Install `uv`, `rustup` and `maturin`. Activate a virtual environment. Then,

```bash
bash scripts/install.sh
uv pip install -r deps/requirements_dev.in
```

### Compile requirements (generate lockfiles)

Use GitHub Actions: `apply-pip-compile.yml`. Manually launch the workflow and it will make a commit with the updated lockfiles.

### About sqlx

Sqlx offline mode should be configured so you can compile the code without a database present.

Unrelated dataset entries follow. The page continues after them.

Lemma is_derive_I_mult f g y lf lg :
  is_derive_I f y lf -> is_derive_I g y lg ->
  is_derive_I (fun x => f x * g x)%C y (lf * g y + f y * lg)%C.
Proof.
  intros Hf Hg.
  assert (Vf := is_derive_I_vanishing f y lf Hf).
  eapply little_o_I_ext;
    [| exact (little_o_I_plus _ _ _
          (little_o_I_plus _ _ _
             (little_o_I_bounded_mult _ _ _ (vanishing_I_bounded _ _ Vf) Hg)
             (little_o_I_plus _ _ _ (little_o_I_scal _ (f y) _ Hg) (little_o_I_scal _ (g y) _ Hf)))
          (little_o_I_scal _ lg _ (little_o_I_mult_vanishing _ _ Vf)))].
  intros h. simpl. ring.
Qed.

Lemma is_derive_I_comp f mu y lf d :
  derivable_pt_lim mu y d -> (forall x, I11 x -> I11 (mu x)) ->
  is_derive_I f (mu y) lf -> is_derive_I (fun x => f (mu x)) y (lf * RtoC d)%C.
Proof.
  intros Hmu HI Hf.
  assert (Omu := derivable_pt_lim_little_o_I mu y d Hmu).
  destruct (Omu 1) as [d0 [Hd0 Hlip]]; [lra |].
  assert (Hk : forall h, Rabs h < d0 -> I11 (y + h) ->
                 Rabs (mu (y + h) - mu y) <= (Rabs d + 1) * Rabs h).
  { intros h Hh Hi. specialize (Hlip h Hh Hi). rewrite Cmod_R in Hlip.
    replace (mu (y + h) - mu y) with ((mu (y + h) - mu y - h * d) + h * d) by ring.
    eapply Rle_trans; [apply Rabs_triang |]. rewrite Rabs_mult. nra. }
  assert (HIk : forall h, I11 (y + h) -> I11 (mu y + (mu (y + h) - mu y))).
  { intros h Hi. rewrite Rplus_minus. auto. }
  eapply little_o_I_ext;
    [| exact (little_o_I_plus _ _ _
                (little_o_I_comp _ _ _ _ _ _ Hd0 Hk HIk Hf) (little_o_I_scal _ lf _ Omu))].
  intros h. cbv beta. rewrite Rplus_minus, !RtoC_minus, !RtoC_mult. ring.
Qed.

Lemma is_derive_I_re_im f y l :
  derivable_pt_lim (fun x => Re (f x)) y (Re l) ->
  derivable_pt_lim (fun x => Im (f x)) y (Im l) -> is_derive_I f y l.
Proof.
  intros Hre Him.
  eapply little_o_I_ext;
    [| exact (little_o_I_plus _ _ _ (derivable_pt_lim_little_o_I _ _ _ Hre)
                (little_o_I_scal _ Ci _ (derivable_pt_lim_little_o_I _ _ _ Him)))].
  intros h. cbv beta. destruct (f (y + h)%R), (f y), l.
  apply injective_projections; simpl; ring.
Qed.

Definition cpow (x : R) (c : C) : C :=
  (exp (Re c * ln x) * cos (Im c * ln x), exp (Re c * ln x) * sin (Im c * ln x)).

Lemma cpow_neq0 x c : cpow x c <> RtoC 0.
Proof.
  unfold cpow, RtoC. intros E. injection E as E1 E2.
  pose proof (exp_pos (Re c * ln x)). pose proof (sin2_cos2 (Im c * ln x)). unfold Rsqr in *.
  apply Rmult_integral in E1 as [E1 | E1]; [lra |].
  apply Rmult_integral in E2 as [E2 | E2]; [lra |].
  rewrite E1, E2 in *. lra.
Qed.

Lemma cpow_sub1 x c : 0 < x -> cpow x (c - 1) = (cpow x c * RtoC (/ x))%C.
Proof.
  intros Hx. destruct c as [cr ci]. unfold cpow, Re, Im. simpl.
  replace ((cr + Ropp 1) * ln x) with (cr * ln x + - ln x) by ring.
  replace ((ci + - 0) * ln x) with (ci * ln x) by ring.
  rewrite exp_plus, exp_Ropp, exp_ln by exact Hx.
  apply injective_projections; simpl; ring.
Qed.

Lemma is_derive_I_cpow b c y : 0 < 1 - b * y ->
  is_derive_I (fun x => cpow (1 - b * x) c) y (RtoC (- b) * c * cpow (1 - b * y) (c - 1))%C.
Proof.
  intros Hm. rewrite cpow_sub1 by exact Hm. destruct c as [cr ci].
  apply is_derive_I_re_im; apply is_derive_Reals; unfold cpow, Re, Im; simpl;
    (auto_derive; [lra |]); replace (1 + - (b * y)) with (1 - b * y) by ring; field; lra.
Qed.

Definition mobius (b y : R) : R := (y - b) / (1 - b * y).

Lemma mobius_denom_pos b y : -1 < b < 1 -> I11 y -> 0 < 1 - b * y.
Proof.
  intros Hb [Hy1 Hy2].
  destruct (Rle_dec 0 b); [assert (b * y <= b) by nra | assert (b * y <= - b) by nra]; lra.
Qed.

Lemma mobius_I11 b y : -1 < b < 1 -> I11 y -> I11 (mobius b y).
Proof.
  intros Hb Hy. pose proof (mobius_denom_pos b y Hb Hy) as Hm. destruct Hy as [Hy1 Hy2].
  unfold mobius, I11.
  split; apply Rmult_le_reg_r with (1 - b * y); try exact Hm;
    unfold Rdiv; rewrite Rmult_assoc, Rinv_l by lra; nra.
Qed.

Lemma mobiusK b z : -1 < b < 1 -> I11 z -> mobius b (mobius (- b) z) = z.
Proof.
  intros Hb Hz. pose proof (mobius_denom_pos (- b) z ltac:(lra) Hz). unfold mobius.
  assert (1 - b * b <> 0) by nra.
  field. lra.
Qed.

Lemma derivable_pt_lim_mobius b y : 0 < 1 - b * y ->
  derivable_pt_lim (mobius b) y ((1 - b * b) * / (1 - b * y) * / (1 - b * y)).
Proof. intros Hm. apply is_derive_Reals. unfold mobius. auto_derive; [lra |]. field. lra. Qed.

Open Scope list_scope.

(* [Term k e j] stands for [y |-> k (1 - b y)^e D_j (mobius b y)]. *)
Record term := Term { coef : C; expo : C; order : nat }.

Definition term_val (b : R) (D : nat -> R -> C) (t : term) (y : R) : C :=
  (coef t * cpow (1 - b * y) (expo t) * D (order t) (mobius b y))%C.

Fixpoint comb_val (b : R) (D : nat -> R -> C) (L : list term) (y : R) : C :=
  match L with
  | nil => RtoC 0
  | t :: L => (term_val b D t y + comb_val b D L y)%C
  end.

Fixpoint comb_deriv (b : R) (L : list term) : list term :=
  match L with
  | nil => nil
  | Term k e j :: L =>
      Term (k * RtoC (- b) * e) (e - 1) j
      :: Term (k * RtoC (1 - b * b)) (e - 1 - 1) (S j)
      :: comb_deriv b L
  end%C.

Definition mobius_tower (b : R) (c : C) (D : nat -> R -> C) (n : nat) : R -> C :=
  comb_val b D (Nat.iter n (comb_deriv b) (Term (RtoC 1) c 0 :: nil)).

Section MobiusTower.

Variables (b : R) (D : nat -> R -> C).
Hypotheses (Hb : -1 < b < 1) (HD : deriv_tower D).

Lemma is_derive_I_term_val t y : I11 y ->
  is_derive_I (term_val b D t) y (comb_val b D (comb_deriv b (t :: nil)) y).
Proof.
  intros Hy. pose proof (mobius_denom_pos b y Hb Hy) as Hm. destruct t as [k e j].
  assert (Hpow := is_derive_I_scal _ y k _ (is_derive_I_cpow b e y Hm)).
  assert (Hcomp : is_derive_I (fun x => D j (mobius b x)) y
                    (D (S j) (mobius b y) * RtoC ((1 - b * b) * / (1 - b * y) * / (1 - b * y)))%C).
  { apply is_derive_I_comp.
    - apply derivable_pt_lim_mobius, Hm.
    - intros x Hx. apply mobius_I11; assumption.
    - apply has_deriv_within_I_iff, HD, mobius_I11; assumption. }
  eapply little_o_I_ext; [| exact (is_derive_I_mult _ _ _ _ _ Hpow Hcomp)].
  intros h. simpl. unfold term_val; simpl. rewrite !cpow_sub1, !RtoC_mult by exact Hm. ring.
Qed.

Lemma is_derive_I_comb_val L y : I11 y ->
  is_derive_I (comb_val b D L) y (comb_val b D (comb_deriv b L) y).
Proof.
  intros Hy. induction L as [| [k e j] L IH]; simpl.
  - apply is_derive_I_const.
  - assert (Ht := is_derive_I_term_val (Term k e j) y Hy).
    eapply little_o_I_ext; [| exact (is_derive_I_plus _ _ _ _ _ Ht IH)].
    intros h. simpl. ring.
Qed.

Lemma mobius_tower_deriv_tower c : deriv_tower (mobius_tower b c D).
Proof.
  intros n y Hy. apply has_deriv_within_I_iff.
  unfold mobius_tower. simpl. apply is_derive_I_comb_val, Hy.
Qed.

End MobiusTower.

(* [ode1 alpha lam f f1 f2] unfolds to
   [forall y, I11 y -> ode1_at alpha lam y (f y) (f1 y) (f2 y) = 0], and likewise for [ode2]. *)
Definition ode1_at (alpha : R) (lam : C) (y : R) (v0 v1 v2 : C) : C :=
  let q := RtoC (1 + sqrt (1 - alpha) * y) in
  (Cplus (Cplus
    (Cmult (Cminus (Cplus (Cmult lam lam) lam)
                   (Cdiv (Cmult (RtoC (2 * alpha)) lam) q)) v0)
    (Cmult (Cmult (Cminus (Cplus (Cmult (RtoC 2) lam) (RtoC 2))
                          (Cdiv (RtoC (2 * alpha)) q)) (RtoC y)) v1))
    (Cmult (RtoC (y ^ 2 - 1)) v2)).

Definition ode2_at (alpha : R) (lam : C) (y : R) (v0 v1 v2 : C) : C :=
  (Cplus (Cplus
    (Cmult (Cminus (Cmult lam lam) lam) v0)
    (Cmult (Cplus (Cmult (RtoC 2) (Cmult lam (RtoC y))) (RtoC (2 * sqrt (1 - alpha)))) v1))
    (Cmult (RtoC (y ^ 2 - 1)) v2)).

First, you need to make sure the database is connected to enable the offline mode.

```bash
# .env file
DATABASE_URL=postgresql://postgres:password@localhost:5432/uniprot
SQLX_OFFLINE=true  # force offline mode. Otherwise, use the DATABASE_URL to connect to the database.
```

The database needs to have the table. It can be empty but the structure has to be accessible.  
If it doesn't already exist, you can create the table with the following command.

```bash
bio-data-to-db uniprot create-empty-table 'postgresql://username@localhost:5432/uniprot'
```

Then, you can run the following command to prepare the SQL queries. This defines the type information for the queries.

```bash
cargo install sqlx-cli --no-default-features --features postgres
cargo sqlx prepare
```

This will make `.sqlx/` directory with the type information for the queries.